What you are asked to do:
Please write out exactly the lines of the data below from the line holding "Lemma cweight_complete_le t" through the line holding "by have /forall_inP/(_", and leave out the rest.

Record set:
Lemma alt_coords_nonneg s s' k : s != s' ->
  (forall m, (0 < m)%N -> braid_rel M s s' m -> (k < m)%N) ->
  0 <= (alt_coords M s s' k).1 /\ 0 <= (alt_coords M s s' k).2.
Proof.
move=> ss' k_lt_braid.
have [Mss'0 | Mss'_neq0] := eqVneq (M s s') 0.
  have Ms's0 : M s' s = 0 by apply/eqP/(contraTT (Mz s' s).1); rewrite Mss'0.
  have := k_lt_braid 2%N isT (braid2_of_orthogonal Mss'0 Ms's0).
  by case: k {k_lt_braid} => [|[|]] // _; rewrite /alt_coords /= Ms's0; lra.
have Ms's_neq0 : M s' s != 0 by apply/(Mz s s').
have Ms's_lt0 : M s' s < 0 by rewrite lt_neqAle Ms's_neq0 Mneg // eq_sym.
have AB_gt0 : 0 < M s s' * M s' s.
  by rewrite nmulr_rgt0 // lt_neqAle Mss'_neq0 Mneg.
pose t := Num.sqrt (M s s' * M s' s).
have t_gt0 : 0 < t by rewrite sqrtr_gt0.
have t2 : t ^+ 2 = M s s' * M s' s by rewrite sqr_sqrtr // ltW.
suff [cheb_k cheb_k1] : 0 <= cheb t k /\ 0 <= cheb t k.+1.
  have coef_ge0 : 0 <= - M s' s / t by rewrite divr_ge0 // ?oppr_ge0 ltW.
  rewrite (alt_coords_cheb (lt0r_neq0 t_gt0) t2).
  by case: (odd k); split => //=; apply: mulr_ge0.
have [AB_ge4 | [m [m_ge3 ABm]]] := Mc ss' (lt0r_neq0 AB_gt0).
  have t_ge2 : 2 <= t.
    by rewrite -(@ler_pXn2r _ 2) ?t2 ?nnegrE ?(ltW t_gt0) //; lra.
  by split; apply: cheb_ge0.
have m_ge2 : (2 <= m)%N by apply: ltnW.
have m_gt0 : (0 < m)%N by apply: ltnW.
have t_cos : t = 2 * cos (pi / m%:R).
  rewrite /t ABm; have -> : 4 = 2 ^+ 2 :> R by rewrite expr2; lra.
  by rewrite -exprMn sqrtr_sqr ger0_norm ?mulr_ge0 ?cos_pi_div_ge0.
have k_lt_m : (k < m)%N.
  apply: k_lt_braid => //; apply: (braid_of_cheb Mii (lt0r_neq0 t_gt0) t2) => //.
    by rewrite t_cos cheb_cos_pi_div.
  by rewrite ABm; have := cos_pi_div_sqr_lt1 R m_ge2; lra.
by rewrite t_cos; split; apply: cheb_cos_pi_div_ge0 => //; apply: ltnW.
Qed.

Lemma gen2_alphac_nonneg s s' u : s != s' ->
  (word_len M (gen2 s s') u <= word_len M (gen2 s s') (rcons u true))%N ->
  exists2 p : R * R, 0 <= p.1 /\ 0 <= p.2 &
    gen_mx M (gen2 s s') u *m alphac s = comb2 s s' p.
Proof.
move=> ss' len_us; have [k -> k_lt_braid] := gen2_reduced_coords Mii len_us.
by exists (alt_coords M s s' k) => //; apply: alt_coords_nonneg.
Qed.

Definition nonneg_cV (x : 'cV[R]_n) := forall j, 0 <= x j 0.

Lemma alphac_nonneg i : nonneg_cV (alphac i).
Proof. by move=> j; rewrite mxE ler0n. Qed.

Lemma nonneg_cV_comb (a b : R) x y : 0 <= a -> 0 <= b -> nonneg_cV x -> nonneg_cV y ->
  nonneg_cV (a *: x + b *: y).
Proof. by move=> a_ge0 b_ge0 x_ge0 y_ge0 j; rewrite !mxE addr_ge0 ?mulr_ge0. Qed.

Section Descent.
Variables (w : seq 'I_n) (s s' : 'I_n).
Local Notation e2 := (gen2 s s').
Local Notation l2 := (word_len M (gen2 s s')).

Definition parabolic_split v u :=
  word_mx M v *m gen_mx M e2 u = word_mx M w /\ (wlen M v + l2 u <= wlen M w)%N.

Lemma parabolic_split_descent v u : parabolic_split v u ->
  exists v' u', [/\ parabolic_split v' u', (wlen M v' <= wlen M v)%N &
                    forall c, (wlen M v' <= wlen M (rcons v' (e2 c)))%N].
Proof.
have [N] := ubnP (wlen M v); elim: N v u => // N IH v u lt_vN [Evu len_vu].
case: (pickP (fun c => wlen M (rcons v (e2 c)) < wlen M v)%N) => [c lt_vc | ge_v].
  have split_vc : parabolic_split (rcons v (e2 c)) (c :: u).
    split.
      by rewrite word_mx_rcons gen_mx_cons -mulmxA (mulmxA (refl_mx M _)) refl_mxK // mul1mx.
    have := word_len_cat M (gen2 s s') [:: c] u; have := word_len_size M (gen2 s s') [:: c].
    by rewrite /=; lia.
  have [v' [u' [split_v'u' le_v' ascent]]] := IH _ _ (leq_trans lt_vc lt_vN) split_vc.
  by exists v', u'; split => //; apply: leq_trans le_v' (ltnW lt_vc).
by exists v, u; split => // c; rewrite leqNgt ge_v.
Qed.

End Descent.
(* Let $G$ be any graph on $n$ vertices. For each edge $e\in E(G)$ let $c(e)$ denote the largest $r$ such that $e$ is an edge of a subgraph of $G$ isomorphic to $K_r$ (so $c(e)\ge 2$). Then \[ \sum_{e\in E(G)} \frac{c(e)}{c(e)-1} \le \frac{n^2}{2}, \] and equality holds if and only if $G$ is a complete multipartite graph with at least two parts, all parts having the same size.
   Context: $K_r$ denotes the complete graph on $r$ vertices. Graphs are finite and simple. *)

From HB Require Import structures.
From mathcomp Require Import all_boot all_order all_algebra.
Set Implicit Arguments. Unset Strict Implicit. Unset Printing Implicit Defensive.
Import Order.TTheory GRing.Theory Num.Theory.

Definition simple_graph (V : finType) (e : rel V) : Prop :=
  symmetric e /\ irreflexive e.

Definition edges (V : finType) (e : rel V) : {set {set V}} :=
  [set E : {set V} | [exists x : V, exists y : V, e x y && (E == [set x; y])]].

Definition clique (V : finType) (e : rel V) (S : {set V}) : bool :=
  [forall x in S, forall y in S, (x != y) ==> e x y].

Definition cnum (V : finType) (e : rel V) (A : {set V}) : nat :=
  \max_(S : {set V} | clique e S && (A \subset S)) #|S|.

Definition balanced_complete_multipartite (V : finType) (e : rel V) : Prop :=
  exists (k : nat) (f : V -> 'I_k),
    [/\ 2 <= k,
        (forall x y, e x y = (f x != f y)) &
        (forall i j : 'I_k, #|f @^-1: [set i]| = #|f @^-1: [set j]|)].

(* Weigh an edge of clique number c by w(c) = c/(c-1) and let T(W) be the sum of
   the weights over ordered pairs of adjacent vertices of W, clique numbers being
   computed inside W.  Then T(W) <= |W|^2, by induction on W: pick a maximum clique
   K of W, of size t.  Pairs inside K have clique number >= t and contribute at
   most t(t-1) w(t) = t^2.  A vertex v outside K with a neighbours in K has a < t,
   and each of these edges lies in the clique v + (N(v) ∩ K), so together they
   weigh at most a w(a+1) = a+1 <= t.  Pairs outside K weigh at most
   T(W \ K) <= |W \ K|^2, since clique numbers only grow with W.  Hence
   T(W) <= (t + |W \ K|)^2.

   In the equality case every vertex outside K misses exactly one vertex of K;
   grouping vertices by the vertex they miss (a vertex of K misses itself), an
   exchange argument shows that G is complete t-partite.  Then
   T = w(t) (n^2 - sum_i p_i^2) = n^2 forces t sum_i p_i^2 = n^2 = (sum_i p_i)^2,
   so all parts have the same size. *)

From HB Require Import structures.
From mathcomp Require Import all_boot all_order all_algebra.
Import Order.TTheory GRing.Theory Num.Theory.
Local Open Scope ring_scope.
From mathcomp Require Import ring lra zify.
Set Implicit Arguments. Unset Strict Implicit.

Lemma eq_const_of_sum_sqr (R : realDomainType) (I : finType) (D : {set I}) (p : I -> R) N :
  \sum_(u in D) p u = N -> #|D|%:R * \sum_(u in D) p u ^+ 2 = N ^+ 2 ->
  {in D, forall u, #|D|%:R * p u = N}.
Proof.
move=> sum_p sum_p2 u uD; set t : R := #|D|%:R.
have dev0 : \sum_(v in D) (t * p v - N) ^+ 2 = 0.
  have -> : \sum_(v in D) (t * p v - N) ^+ 2
         = t * (t * \sum_(v in D) p v ^+ 2) - 2%:R * t * N * \sum_(v in D) p v + N ^+ 2 *+ #|D|.
    rewrite -sumr_const !mulr_sumr -sumrB -big_split /=.
    by apply: eq_bigr => v _; ring.
  by rewrite sum_p sum_p2 -mulr_natl; ring.
have /eqP := psumr_eq0P (fun v _ => sqr_ge0 (t * p v - N)) dev0 uD.
by rewrite sqrf_eq0 subr_eq0 => /eqP.
Qed.

Definition cweight (c : nat) : rat := c%:R / (c%:R - 1).

Lemma cweight_le1 c : (c <= 1)%N -> cweight c = 0.
Proof. by case: c => [|[|c]] //= _; rewrite /cweight ?mul0r // subrr invr0 mulr0. Qed.

Lemma cweight_ge0 c : 0 <= cweight c.
Proof.
case: (leqP c 1) => [/cweight_le1 -> //|c2]; rewrite /cweight divr_ge0 //.
by rewrite subr_ge0 ler1n ltnW.
Qed.

Lemma cweight_le a b : (2 <= a)%N -> (a <= b)%N -> cweight b <= cweight a.
Proof.
move=> a2 ab; rewrite /cweight.
have a1 : 1 < (a%:R : rat) by rewrite ltr1n.
have ab' : (a%:R : rat) <= b%:R by rewrite ler_nat.
have b1 : 0 < (b%:R : rat) - 1 by lra.
rewrite ler_pdivlMr ?subr_gt0 // mulrAC ler_pdivrMr //; nra.
Qed.

Lemma mulr_cweightS a : (0 < a)%N -> a%:R * cweight a.+1 = a.+1%:R.
Proof.
move=> a0; rewrite /cweight -addn1 natrD addrK mulrC divfK //.
by rewrite pnatr_eq0 -lt0n.
Qed.

Lemma cweight_complete_le t : (t * t.-1)%:R * cweight t <= (t ^ 2)%:R.
Proof.
case: t => [|t]; first by rewrite mul0r.
case: t => [|t]; first by rewrite mul0r.
by rewrite natrM -mulrA mulr_cweightS // -natrM mulnn.
Qed.

Section Graph.

Variables (V : finType) (e : rel V).
Hypotheses (e_sym : symmetric e) (e_irr : irreflexive e).

Lemma cliqueP (S : {set V}) :
  reflect {in S &, forall x y, x != y -> e x y} (clique e S).
Proof.
apply: (iffP forall_inP) => [cS x y xS yS | cS x xS].
  by have /forall_inP/(_ y yS)/implyP := cS x xS.
by apply/forall_inP => y yS; apply/implyP; apply: cS.
Qed.

Lemma clique2 x y : e x y -> clique e [set x; y].
Proof.
move=> exy; apply/cliqueP => a b; rewrite !inE.
by case/orP=> /eqP-> /orP[]/eqP->; rewrite ?eqxx // e_sym.
Qed.

Lemma clique_subset (S T : {set V}) : T \subset S -> clique e S -> clique e T.
Proof.
move=> /subsetP TS /cliqueP cS; apply/cliqueP => x y xT yT; exact: cS (TS x xT) (TS y yT).
Qed.

Lemma clique_setU1 v (S : {set V}) :
  clique e S -> {in S, forall u, e v u} -> clique e (v |: S).
Proof.
move=> /cliqueP cS adj; apply/cliqueP => a b; rewrite !inE.
case/orP => [/eqP->|aS] /orP[/eqP->|bS] ab.
- by rewrite eqxx in ab.
- exact: adj.
- by rewrite e_sym adj.
- exact: cS.
Qed.

Definition cnum_in (W A : {set V}) : nat :=
  \max_(S : {set V} | [&& clique e S, A \subset S & S \subset W]) #|S|.

Lemma cnumE (A : {set V}) : cnum e A = cnum_in [set: V] A.
Proof. by apply: eq_bigl => S; rewrite subsetT andbT. Qed.

Lemma cnum_in_ge (W A S : {set V}) :
  clique e S -> A \subset S -> S \subset W -> (#|S| <= cnum_in W A)%N.
Proof. by move=> cS AS SW; apply: leq_bigmax_cond; rewrite cS AS. Qed.

Lemma cnum_inS (W1 W2 A : {set V}) : W1 \subset W2 -> (cnum_in W1 A <= cnum_in W2 A)%N.
Proof.
move=> W12; apply/bigmax_leqP => S /and3P[cS AS SW].
by apply: cnum_in_ge; rewrite // (subset_trans SW W12).
Qed.

Lemma cnum_in_edge (W : {set V}) x y :
  e x y -> x \in W -> y \in W -> (2 <= cnum_in W [set x; y])%N.
Proof.
move=> exy xW yW; have xy : x != y by apply: contraTneq exy => ->; rewrite e_irr.
have := cnum_in_ge (clique2 exy) (subxx _); rewrite cards2 xy; apply.
by apply/subsetP => z; rewrite !inE => /orP[]/eqP->.
Qed.

Definition pair_weight (W : {set V}) (x y : V) : rat :=
  if e x y then cweight (cnum_in W [set x; y]) else 0.

(* The sum runs over ordered pairs, so [total_weight [set: V]] is twice the edge
   sum of the theorem. *)
Definition total_weight (W : {set V}) : rat :=
  \sum_(x in W) \sum_(y in W) pair_weight W x y.

Lemma pair_weightC (W : {set V}) x y : pair_weight W x y = pair_weight W y x.
Proof. by rewrite /pair_weight e_sym setUC. Qed.

Lemma eq_set2 (x y a b : V) :
  x != y -> [set x; y] = [set a; b] -> ((x, y) == (a, b)) || ((x, y) == (b, a)).
Proof.
move=> xy E; rewrite !xpair_eqE.
have : a \in [set x; y] by rewrite E set21.
have : x \in [set a; b] by rewrite -E set21.
have : y \in [set a; b] by rewrite -E set22.
by rewrite !inE => /orP[]/eqP yv /orP[]/eqP xv /orP[]/eqP av; subst; move: xy;
  rewrite ?eqxx ?orbT.
Qed.

Lemma card_edge_pairs E : E \in edges e ->
  #|[pred p : V * V | e p.1 p.2 && ([set p.1; p.2] == E)]| = 2%N.
Proof.
rewrite inE => /existsP[a /existsP[b /andP[eab /eqP->]]].
have ab : a != b by apply: contraTneq eab => ->; rewrite e_irr.
have <- : #|[set (a, b); (b, a)]| = 2%N by rewrite cards2 xpair_eqE negb_and ab.
apply: eq_card => -[x y]; rewrite !inE /=; apply/idP/idP.
  move=> /andP[exy /eqP]; apply: eq_set2.
  by apply: contraTneq exy => ->; rewrite e_irr.
by case/orP => /eqP[-> ->]; rewrite ?eab ?eqxx // e_sym eab setUC eqxx.
Qed.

Your solution:
Lemma cweight_complete_le t : (t * t.-1)%:R * cweight t <= (t ^ 2)%:R.
Proof.
case: t => [|t]; first by rewrite mul0r.
case: t => [|t]; first by rewrite mul0r.
by rewrite natrM -mulrA mulr_cweightS // -natrM mulnn.
Qed.

Section Graph.

Variables (V : finType) (e : rel V).
Hypotheses (e_sym : symmetric e) (e_irr : irreflexive e).

Lemma cliqueP (S : {set V}) :
  reflect {in S &, forall x y, x != y -> e x y} (clique e S).
Proof.
apply: (iffP forall_inP) => [cS x y xS yS | cS x xS].
  by have /forall_inP/(_ y yS)/implyP := cS x xS.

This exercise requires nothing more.